What is required:
Whenever a line of the data below holds the string "Open", copy that line.

Saved entries:
++++++

Lemma kappa_sdeg0 m : cmp (kappa m.+1) (sdeg m 0) = 0.
Proof.
rewrite [kappa _]/= cmpzl cmpBl -!compA -(@sdeg_sdeg _ _ m 0 m.+1) //.
by rewrite compA !del_sdeg // comp1m compm1 subrr mul0rz.
Qed.

Lemma kappa_sdeg m j : (0 < j)%N -> (j <= m)%N ->
  cmp (kappa m.+1) (sdeg m j) = - cmp (sdeg m j.-1) (kappa m).
Proof.
case: m => [|k] j_gt0 le_jm; first by lia.
rewrite [kappa k.+2]/= [kappa k.+1]/= cmpzl cmpzr cmpBl cmpBr -!compA.
rewrite -(@sdeg_sdeg _ _ k.+1 j k.+2); try lia.
rewrite compA del_sdeg_lt; try lia.
rewrite -compA (@del_sdeg_lt _ _ k 0 j); try lia.
rewrite [cmp (sdeg k.+1 k.+2) _]compA -(@sdeg_sdeg _ _ k j.-1 k.+1); try lia.
by rewrite -compA (sgnS k.+1) mulrNz.
Qed.

Lemma kpow_sdeg m j k : (j <= m)%N -> (j < k)%N -> cmp (kpow m.+1 k) (sdeg m j) = 0.
Proof.
elim: j k => [|j IH] [|k] le_jm lt_jk //; rewrite kpowSr -compA.
  by rewrite kappa_sdeg0 cmp0r.
by rewrite kappa_sdeg // cmpNr compA IH ?cmp0l ?oppr0 //; lia.
Qed.

Lemma kpow_dd_trunc m : cmp (kpow m.+1 m.+1) (dd_trunc m) = 0.
Proof.
rewrite dd_truncE cmp_sumr big1_seq // => j; rewrite mem_index_iota => /andP[_ lt_jm].
by rewrite cmpzr kpow_sdeg // mul0rz.
Qed.

Lemma del_last_kappa n : cmp (del n n.+1) (kappa n.+1) = 0.
Proof.
rewrite [kappa _]/= cmpzr cmpBr !compA -(@del_del _ _ n 0 n.+2) //.
by rewrite -compA !del_sdeg // compm1 comp1m subrr mul0rz.
Qed.
(* Consider the online tolling setting described in the context, with O-D pairs and values of time drawn i.i.d. across periods $t\in[T]$ from a distribution $\mathcal{D}$ whose support has nonnegative values of time. Let $\bm{\pi}$ be the toll-update algorithm with step size $\gamma=1/\sqrt{T}$: $\boldsymbol{\tau}^{(1)}=\bm{0}$, in each period $t$ the users play an equilibrium under $\boldsymbol{\tau}^{(t)}$ with resulting edge flows $\bm{x}^t$, and $\boldsymbol{\tau}^{(t+1)}=(\boldsymbol{\tau}^{(t)}-\gamma(\bm{c}-\bm{x}^t))_+$ componentwise. Then its expected regret and expected constraint violation satisfy $$R_T(\bm{\pi})\le\frac{|E|\,(|\mathcal{U}|+\max_{e\in E}c_e)^2}{2}\sqrt{T},\qquad V_T(\bm{\pi})\le |E|\,\big(\max_{u\in\mathcal{U}}\lambda_u+\max_{e\in E}c_e+|\mathcal{U}|\big)\sqrt{T}.$$
   Context: Network: directed graph $G=(V,E)$, edge capacities $\bm{c}=\{c_e\}_{e\in E}$ with $c_e\ge0$, fixed edge travel times $l_e\ge 0$; for a path $P$, $l_P=\sum_{e\in P}l_e$. A finite set $\mathcal{U}$ of users; user $u$ has a fixed outside-option cost $\lambda_u\ge 0$. In each period $t=1,\dots,T$ the vector $(\bm{w}^t,\bm{v}^t)=((w^t_u)_{u\in\mathcal{U}},(v^t_u)_{u\in\mathcal{U}})$ of O-D pairs and values of time is drawn i.i.d. from $\mathcal{D}$; $\mathcal{P}^t_u$ is the finite set of paths connecting $w^t_u$. Given nonnegative tolls $\boldsymbol{\tau}=\{\tau_e\}$, user $u$'s cost of path $P$ in period $t$ is $v^t_ul_P+\sum_{e\in P}\tau_e$, and an equilibrium is an assignment of each user to exactly one of a path in $\mathcal{P}^t_u$ or the outside option (binary $f^t_{P,u}$, $f^t_{o,u}$ summing to 1) that minimizes this cost among paths and the outside option (ties broken arbitrarily); edge flows are $x^t_e=\sum_{u}\sum_{P\in\mathcal{P}^t_u:e\in P}f^t_{P,u}$ (capacities need not be respected). A tolling policy chooses $\boldsymbol{\tau}^{(t)}$ as a function only of $\bm{x}^1,\dots,\bm{x}^{t-1}$. The total system cost in period $t$ is $U_t=\sum_u\big(v^t_u\sum_{P\in\mathcal{P}^t_u}l_Pf^t_{P,u}+\lambda_uf^t_{o,u}\big)$, and $U^*_t$ is the optimal value of $\min\sum_u(v^t_u\sum_{P}l_Pf_{P,u}+\lambda_uf_{o,u})$ over binary assignments with $\sum_Pf_{P,u}+f_{o,u}=1$ for each $u$ and $\sum_u\sum_{P\ni e}f_{P,u}\le c_e$ for each $e$ (the offline optimum with full knowledge of period-$t$ data). Regret: $R_T(\bm{\pi})=\mathbb{E}[\sum_{t=1}^T(U_t-U^*_t)]$. Constraint violation: $V_T(\bm{\pi})=\mathbb{E}\big[\|(\sum_{t=1}^T(\bm{x}^t-\bm{c}))_+\|_2\big]$, with $(\cdot)_+$ the componentwise positive part. Expectations are over $\mathcal{D}$. *)

From mathcomp Require Import all_boot all_order all_algebra.
From mathcomp Require Import all_classical all_reals all_analysis.
Set Implicit Arguments. Unset Strict Implicit. Unset Printing Implicit Defensive.
Import Order.TTheory GRing.Theory Num.Theory.
Local Open Scope classical_set_scope.
Local Open Scope ring_scope.

Section Network.
Variables (R : realType) (V E : finType) (src dst : E -> V).

Fixpoint walk (o d : V) (p : seq E) : bool :=
  match p with
  | [::] => o == d
  | e :: p' => (src e == o) && walk (dst e) d p'
  end.

Definition is_path (w : V * V) (p : seq E) : bool :=
  walk w.1 w.2 p && uniq (w.1 :: map dst p).

Variable (l : E -> R).

Definition path_len (p : seq E) : R := \sum_(e <- p) l e.

Variable (U : finType).

(* a u = Some p : user u takes path p ;  a u = None : outside option *)
Definition assignment := U -> option (seq E).

Definition valid (w : U -> V * V) (a : assignment) : Prop :=
  forall u, if a u is Some p then is_path (w u) p else true.

Definition flow (a : assignment) (e : E) : R :=
  \sum_(u : U) (if a u is Some p then (e \in p)%:R else 0).

Definition user_cost (lam v : U -> R) (tau : E -> R) (u : U)
  (o : option (seq E)) : R :=
  if o is Some p then v u * path_len p + \sum_(e <- p) tau e else lam u.

Definition is_equilibrium (lam : U -> R) (w : U -> V * V) (v : U -> R)
  (tau : E -> R) (a : assignment) : Prop :=
  valid w a /\
  forall u,
    (forall p, is_path (w u) p ->
       user_cost lam v tau u (a u) <= user_cost lam v tau u (Some p)) /\
    user_cost lam v tau u (a u) <= lam u.

Definition system_cost (lam v : U -> R) (a : assignment) : R :=
  \sum_(u : U) (if a u is Some p then v u * path_len p else lam u).

Definition feasible (c : E -> R) (w : U -> V * V) (a : assignment) : Prop :=
  valid w a /\ forall e, flow a e <= c e.

Definition opt_cost (c : E -> R) (lam : U -> R) (w : U -> V * V)
  (v : U -> R) : R :=
  inf [set system_cost lam v a | a in [set a | feasible c w a]].

End Network.
Arguments flow {R E U}.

++++++

Exercise answer:
Local Open Scope classical_set_scope.
Local Open Scope ring_scope.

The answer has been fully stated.